Sorry, I've since read the OP is going to do this. Well done OP, great decision, I hope it works out well 😊

teleskopregel · 07/12/2021 09:01

We are also in Germany (down south). The first year or so was difficult but got progressively easier. The best thing about local schools here, IMO, is that when they are ten, they change to the Gymnasium/Hochschule/Mittelschule. In the east, where we are going to move to, the school is all in one, so the kids can, theoretically, move to which suits them best.

We were recommended by another expat family to not go to the international school because their own children had real problems integrating and their German still wasn't perfect after several years. This was because they spoke predominantly English in the school. So we ended up enrolling ours in local schools.

Overall, in terms of integration, I think we made the right decision to go local. Our kids do attend different schools. One is overwhelmingly better than the other but my husband says if they have a good teacher, and they are learning, then that is the most important thing. Plus, the local schools offers great extracurricular activities from the Grundschule up, like debating and school newsletter writing (great for improving German).

There are also the local Sport Verein which have things like handball, soccer, gymnastics, judo and so on, which are great places to build friendships, as well as the girl guides/scouts clubs (called Pfadfinder).

Small tip too. Parents often want their German kids to make friends with native English speakers, because they want their kids to be as fluent as early as possible.

The other things that probably has made life more difficult is this corona situation here. We have spent so much time home-schooling, including recently, and it has been difficult supporting the kids in another language, regardless of our own language and education level.

It is often hard work, isn't it, but I hope it gets better. That said, it isn't for everyone. I wish you all the best in figuring this out.

PrincessNutella · 07/12/2021 13:54

Your kids don't have family time if they don't get home until late. Why should they be the ones who come home late, not your husband?

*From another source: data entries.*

Lemma affine_neq0_open_diskP a b :
  (forall t, `|t| < 1 -> a + b * t != 0) <-> `|b| <= `|a| /\ a != 0.
Proof.
split=> [nz | [ba a0] t t1].
  have a0 : a != 0 by have := nz 0; rewrite normr0 ltr01 mulr0 addr0; apply.
  split=> //; have [-> | b0] := eqVneq b 0; first by rewrite normr0 normr_ge0.
  rewrite real_leNgt ?normr_real //; apply/negP => ab.
  suff /nz : `|- a / b| < 1 by rewrite mulrCA divff // mulr1 subrr eqxx.
  by rewrite normf_div normrN ltr_pdivrMr ?normr_gt0 // mul1r.
apply/eqP => /affine_eq0_norm at_b.
have [b0 | b0] := eqVneq b 0.
  by move: at_b a0; rewrite b0 normr0 mul0r => /normr0_eq0 ->; rewrite eqxx.
have : `|b| * `|t| < `|b| by rewrite gtr_pMr ?normr_gt0.
by rewrite -at_b real_ltNge ?normr_real // ba.
Qed.

Lemma mobius_sqr_norm r t : 0 <= r ->
  `|1 + r * t| ^+ 2 - `|r + t| ^+ 2 = (1 - r ^+ 2) * (1 - `|t| ^+ 2).
Proof.
move=> r_ge0; rewrite !normCK !(rmorphD, rmorphM, rmorph1) /=.
by rewrite (conj_Creal (ger0_real r_ge0)); ring.
Qed.

Lemma mobius_norm_le r t : 0 <= r -> r <= 1 -> `|t| <= 1 -> `|r + t| <= `|1 + r * t|.
Proof.
move=> r_ge0 r_le1 t1; rewrite -ler_sqr_norm -subr_ge0 mobius_sqr_norm //.
by rewrite mulr_ge0 // subr_ge0 expr_le1.
Qed.

Lemma mobius_norm_lt r t : 0 <= r -> r < 1 -> `|t| < 1 -> `|r + t| < `|1 + r * t|.
Proof.
move=> r_ge0 r_lt1 t1; rewrite -ltr_sqr_norm -subr_gt0 mobius_sqr_norm //.
by rewrite mulr_gt0 // subr_gt0 expr_lt1.
Qed.

Lemma mobius_neq0 r t : 0 <= r -> r < 1 -> `|t| <= 1 -> 1 + r * t != 0.
Proof.
move=> r_ge0 r_lt1; apply: (affine_neq0_closed_diskP 1 r).2.
by rewrite normr1 ger0_norm.
Qed.

End DiskInequalities.

Section BilinearScaling.
Variable C : numClosedFieldType.
Implicit Types a b c d r s t : C.

Definition bilin a b c d s t := a + b * s + c * t + d * s * t.

Definition free_closed_bidisk a b c d :=
  forall s t, `|s| <= 1 -> `|t| <= 1 -> bilin a b c d s t != 0.

Definition free_off_torus a b c d := forall s t, `|s| <= 1 -> `|t| <= 1 ->
  (`|s| < 1) || (`|t| < 1) -> bilin a b c d s t != 0.

Lemma bilinE a b c d s t : bilin a b c d s t = (a + b * s) + (c + d * s) * t.
Proof. by rewrite /bilin; ring. Qed.

Lemma bilinC a b c d s t : bilin a b c d s t = bilin a c b d t s.
Proof. by rewrite /bilin; ring. Qed.

Lemma free_closed_bidiskC a b c d :
  free_closed_bidisk a b c d -> free_closed_bidisk a c b d.
Proof. by move=> nz s t s1 t1; rewrite bilinC nz. Qed.

Lemma free_off_torusC a b c d : free_off_torus a b c d -> free_off_torus a c b d.
Proof. by move=> nz s t s1 t1 st; rewrite bilinC nz // orbC. Qed.

Lemma free_closed_bidisk_gap a b c d s : free_closed_bidisk a b c d ->
  `|s| <= 1 -> `|c + d * s| < `|a + b * s|.
Proof.
by move=> nz s1; apply/affine_neq0_closed_diskP => t t1; rewrite -bilinE nz.
Qed.

Lemma free_off_torus_gap_le a b c d s : free_off_torus a b c d ->
  `|s| <= 1 -> `|c + d * s| <= `|a + b * s| /\ a + b * s != 0.
Proof.
move=> nz s1; apply/affine_neq0_open_diskP => t t1.
by rewrite -bilinE nz ?(ltW t1) ?t1 ?orbT.
Qed.

Lemma free_off_torus_gap_lt a b c d s : free_off_torus a b c d ->
  `|s| < 1 -> `|c + d * s| < `|a + b * s|.
Proof.
by move=> nz s1; apply/affine_neq0_closed_diskP => t t1; rewrite -bilinE nz ?(ltW s1) ?s1.
Qed.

Valeriekat · 11/12/2021 11:09

You probably do need more time for your children to settle. They will be missing their friends and everything that is familiar to them. When we first moved overseas I wasn't working but it was still hard for them at first.
They will also be meeting lots of children in similar situations to themselves which should make it easier to form friendships than in a local school. The IB programme might seem wooly but it is designed to prepare them for IB Diploma which is pretty demanding. What are the schools IB diploma results like?

This was never going to be easy for them and they need time.

Valeriekat · 11/12/2021 11:16

Sorry just read your update. Going part time for a while to support them is a very good idea.